Stata calculated the difference (diff) between the two proportions as prop(evolved) - prop(electron), so the alternative hypothesis Ha: diff < 0 is also the hypothesis that the proportion giving the right answer for evolved is smaller than the proportion giving the right answer for electron, while Ha: diff > 0 is the hypothesis that the proportion giving the right answer for electron is greater than evolved.
If your research hypothesis is that more people know about evolution than the size of electrons, the relevant alternative hypothesis is Ha: diff > 0, and the very large p-value suggests you should reject the alternative and accept the null hypothesis (no difference). This finding would not support your research hypothesis.
If your research hypothesis is that some people choose not to answer "true" to the evolved question for religious reasons, then the relevant alternative hypothesis is Ha: diff < 0 and the low p-value suggests you should reject the null hypothesis and accept the alternative. This finding is consistent with your research hypothesis.
Hypothesis: Two Subsamples have the Same Proportion
But if we think people are choosing not to answer "true" to the evolve question for religious reasons, we should see a difference in the proportion responding "true" between religious respondents and non-religious respondents. We can test that with the following syntax:
prtest evolve, by(religious)
Two-sample test of proportions 0: Number of obs = 48 1: Number of obs = 57 ------------------------------------------------------------------------------ Variable | Mean Std. Err. z P>|z| [95% Conf. Interval] -------------+---------------------------------------------------------------- 0 | .7291667 .0641422 .6034503 .8548831 1 | .4035088 .0649817 .276147 .5308706 -------------+---------------------------------------------------------------- diff | .3256579 .0913063 .1467008 .504615 | under Ho: .0974115 3.34 0.001 ------------------------------------------------------------------------------ diff = prop(0) - prop(1) z = 3.3431 Ho: diff = 0 Ha: diff < 0 Ha: diff != 0 Ha: diff > 0 Pr(Z < z) = 0.9996 Pr(|Z| > |z|) = 0.0008 Pr(Z > z) = 0.0004
Stata calculates the difference (diff) as prop(0) - prop(1), or proportion of non-religious people who answered true minus proportion of religious people who answered true. Thus the hypothesis that religious people are less likely to answer true is Ha: diff > 0 and the very low p-value associated with it suggests we should reject the null and accept that alternative hypothesis.

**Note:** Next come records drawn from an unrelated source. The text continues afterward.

(* The graph property $\mathsf{NON\text{-}3\text{-}COLORABLE}$ (the complement of $3\text{-}\mathsf{COLORABLE}$) does not belong to $\mathrm{NLP}$.
   Context: Graphs. All graphs are finite, nonempty, simple, undirected and connected, and labeled: a graph is a triple $G=(V(G),E(G),\lambda_G)$ with labeling $\lambda_G:V(G)\to\{0,1\}^*$. $\mathsf{GRAPH}$ is the set of all graphs. A graph property is a subset of $\mathsf{GRAPH}$ closed under label-preserving isomorphism. $N^G_r(u)$ denotes the subgraph of $G$ induced by the nodes at distance at most $r$ from $u$. $3\text{-}\mathsf{COLORABLE}$ is the set of graphs $G$ admitting $f:V(G)\to\{0,1,2\}$ with $f(u)\ne f(v)$ for every edge $\{u,v\}$ (labels irrelevant), and $\mathsf{NON\text{-}3\text{-}COLORABLE}=\mathsf{GRAPH}\setminus3\text{-}\mathsf{COLORABLE}$. Identifiers and certificates. An identifier assignment of $G$ is a map $\mathrm{id}:V(G)\to\{0,1\}^*$; it is $r$-locally unique if $\mathrm{id}(u)\neq\mathrm{id}(v)$ for all distinct nodes $u,v$ at distance at most $2r$. Identifiers are ordered lexicographically (a proper prefix is smaller). A certificate assignment is a map $\kappa:V(G)\to\{0,1\}^*$; for $r\in\mathbb N$ and $p:\mathbb N\to\mathbb N$ it is $(r,p)$-bounded (w.r.t. $(G,\mathrm{id})$) if $|\kappa(u)|\le p\big(\sum_{v\in N^G_r(u)}(1+|\lambda_G(v)|+|\mathrm{id}(v)|)\big)$ for every node $u$. Distributed Turing machines. Such a machine $M$ is a Turing machine with three one-way-infinite tapes (receiving, internal, sending) over the alphabet $\{\vdash,\square,\#,0,1\}$ (left-end marker, blank, separator, bits), with designated states start, pause, stop. It is executed on a graph $G$ under an (at least $1$-locally unique) identifier assignment $\mathrm{id}$ and a certificate assignment $\kappa$: every node runs its own copy of $M$ in synchronous rounds. In each round, a node $u$ whose neighbors are $v_1,\dots,v_d$ in increasing identifier order (i) gets $m_1\#\cdots\#m_d\#$ on its receiving tape, where $m_i$ is the message sent to it by $v_i$ in the previous round (empty in the first round); (ii) its sending tape is emptied, its internal tape is initialized to $\lambda_G(u)\#\mathrm{id}(u)\#\kappa(u)$ in the first round and otherwise keeps its content, and, unless $u$ reached stop in an earlier round, $M$ runs from state start with all heads leftmost until it enters pause or stop; (iii) $u$ sends to $v_i$ the $i$-th $\#$-separated bit string on its sending tape (the empty string if there is none). The execution terminates once all nodes are in stop; $G$ is accepted, written $M(G,\mathrm{id},\kappa)\equiv\mathrm{accept}$, if at that point every node has exactly the bit string $1$ on its internal tape (symbols other than $0,1$ ignored). A local-polynomial machine is a distributed Turing machine for which there are a constant $c$ and a polynomial $q$ such that, on every graph and under all identifier and certificate assignments, all nodes reach stop within $c$ rounds, and in every round every node makes at most $q(n)$ computation steps, $n$ being the total length of its receiving- and internal-tape contents at the beginning of the round. $\mathrm{NLP}$ is the class of graph properties $P$ for which there exist a local-polynomial machine $M$, constants $r_{\mathrm{id}},r\ge 1$ and a polynomial $p$ such that for every graph $G$ and every $r_{\mathrm{id}}$-locally unique identifier assignment $\mathrm{id}$ of $G$: $G\in P\iff\exists\kappa\,:\,M(G,\mathrm{id},\kappa)\equiv\mathrm{accept}$, $\kappa$ ranging over $(r,p)$-bounded certificate assignments of $(G,\mathrm{id})$. *)

From HB Require Import structures.
From mathcomp Require Import all_boot.
Set Implicit Arguments. Unset Strict Implicit. Unset Printing Implicit Defensive.

(* Vertices are 'I_n (every finite graph is isomorphic to such one).   *)
Record graph := Graph {
  gn : nat;
  gadj : rel 'I_gn;
  glab : 'I_gn -> seq bool;
  gn_pos : 0 < gn;
  gadj_sym : symmetric gadj;
  gadj_irr : irreflexive gadj;
  gconn : forall u v : 'I_gn, connect gadj u v }.

Fixpoint within (G : graph) (k : nat) (u v : 'I_(gn G)) : bool :=
  if k is k'.+1 then (u == v) || [exists w, @gadj G u w && within k' w v]
  else u == v.
Arguments within : clear implicits.

Definition three_colorable (G : graph) : Prop :=
  exists f : 'I_(gn G) -> 'I_3, forall u v, @gadj G u v -> f u != f v.

Definition locally_unique (G : graph) (r : nat) (idf : 'I_(gn G) -> seq bool) :=
  forall u v : 'I_(gn G), u != v -> within G (2 * r) u v -> idf u != idf v.

Arguments locally_unique : clear implicits.

Fixpoint lexle (s t : seq bool) : bool :=
  match s, t with
  | [::], _ => true
  | _ :: _, [::] => false
  | a :: s', b :: t' => (~~ a && b) || ((a == b) && lexle s' t')
  end.

(* polynomials N -> N, given by their (natural) coefficient list, low degree first *)
Definition peval (p : seq nat) (x : nat) : nat := foldr (fun a acc => a + x * acc) 0 p.

Definition bounded (G : graph) (idf : 'I_(gn G) -> seq bool) (r : nat) (p : seq nat)
    (kap : 'I_(gn G) -> seq bool) : Prop :=
  forall u : 'I_(gn G),
    size (kap u) <= peval p (\sum_(v | within G r u v) (1 + size (@glab G v) + size (idf v))).

Arguments bounded : clear implicits.

Inductive sym := SLend | SBlank | SSep | S0 | S1.

Definition sym_eqb (a b : sym) : bool :=
  match a, b with
  | SLend, SLend | SBlank, SBlank | SSep, SSep | S0, S0 | S1, S1 => true
  | _, _ => false
  end.
Lemma sym_eqP : Equality.axiom sym_eqb.
Proof. by case; case; constructor. Qed.
HB.instance Definition _ := hasDecEq.Build sym sym_eqP.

On the other hand, it's possible that that religious people simply know less about science. If that were the case, we would expect the proportion of religious people who respond correctly to electron to be lower than the proportion of non-religious people:
prtest electron, by(religious)
Two-sample test of proportions 0: Number of obs = 36 1: Number of obs = 47 ------------------------------------------------------------------------------ Variable | Mean Std. Err. z P>|z| [95% Conf. Interval] -------------+---------------------------------------------------------------- 0 | .6944444 .0767737 .5439707 .8449182 1 | .7234043 .0652476 .5955214 .8512871 -------------+---------------------------------------------------------------- diff | -.0289598 .1007544 -.2264348 .1685152 | under Ho: .1004136 -0.29 0.773 ------------------------------------------------------------------------------ diff = prop(0) - prop(1) z = -0.2884 Ho: diff = 0 Ha: diff < 0 Ha: diff != 0 Ha: diff > 0 Pr(Z < z) = 0.3865 Pr(|Z| > |z|) = 0.7730 Pr(Z > z) = 0.6135
The high p-value associated with Ha: diff > 0 suggests you should accept the null hypothesis (no difference) instead. In fact the proportion of religious people who answered electron correctly is slightly higher than the proportion of non-religious people, but the difference is not significant (no matter which specific alternative hypothesis you choose to test).
While it is certainly not conclusive, this combination of results supports the research hypothesis that some religious people choose not to answer "true" to the evolved question for religious reasons despite likely being aware of the scientific consensus on the issue. (On the other hand, note that 40% of religious people did answer "true" while 27% of non-religious people answered "false.")
Saving the Data?
In order to carry out this analysis you had to create two variables (female and religious) and recode two others (evolve and electron). Should you save the modified data set?
If this is the end of your analysis you don't need to. The commands to create and recode those variables are stored in the do file, so it will load the original GSS sample, create the variables it needs, and then carry out the analysis any time you run it.
If you want to carry out more analysis using these variables, you could save the data set with a command like:
save gss2, replace
You could then write a new do file that starts by loading gss2, and it will be able to use the new and modified variables immediately.
What you should not do is save the modified data set with the same name as the original data set (gss_sample) so that it overwrites the original data. If you do that, your do file will not work because the variables female and religious will already exist and Stata won't allow you to create them again. Worse, if it turns out that you made a mistake, you'll need to download the data set again to fix it rather than being able to just fix your do file and run it again.
For research work, we recommend putting data preparation (e.g. creating and recoding variables) and analysis in separate do files. That way you can be sure that all your analysis is based on the same data.
Complete Do File
The following is a complete do file for this section.
capture log close
log using prtests.log, replace
clear all
set more off
use gss_sample
gen female=(sex==2)
recode evolved (2=0)
recode electron (2=0)
gen religious=(relpersn<3) if relpersn<.
prtest female=0.508
prtest evolved=electron
prtest evolve, by(religious)
prtest electron, by(religious)
save gss2,replace
log close
Last Revised: 12/30/2016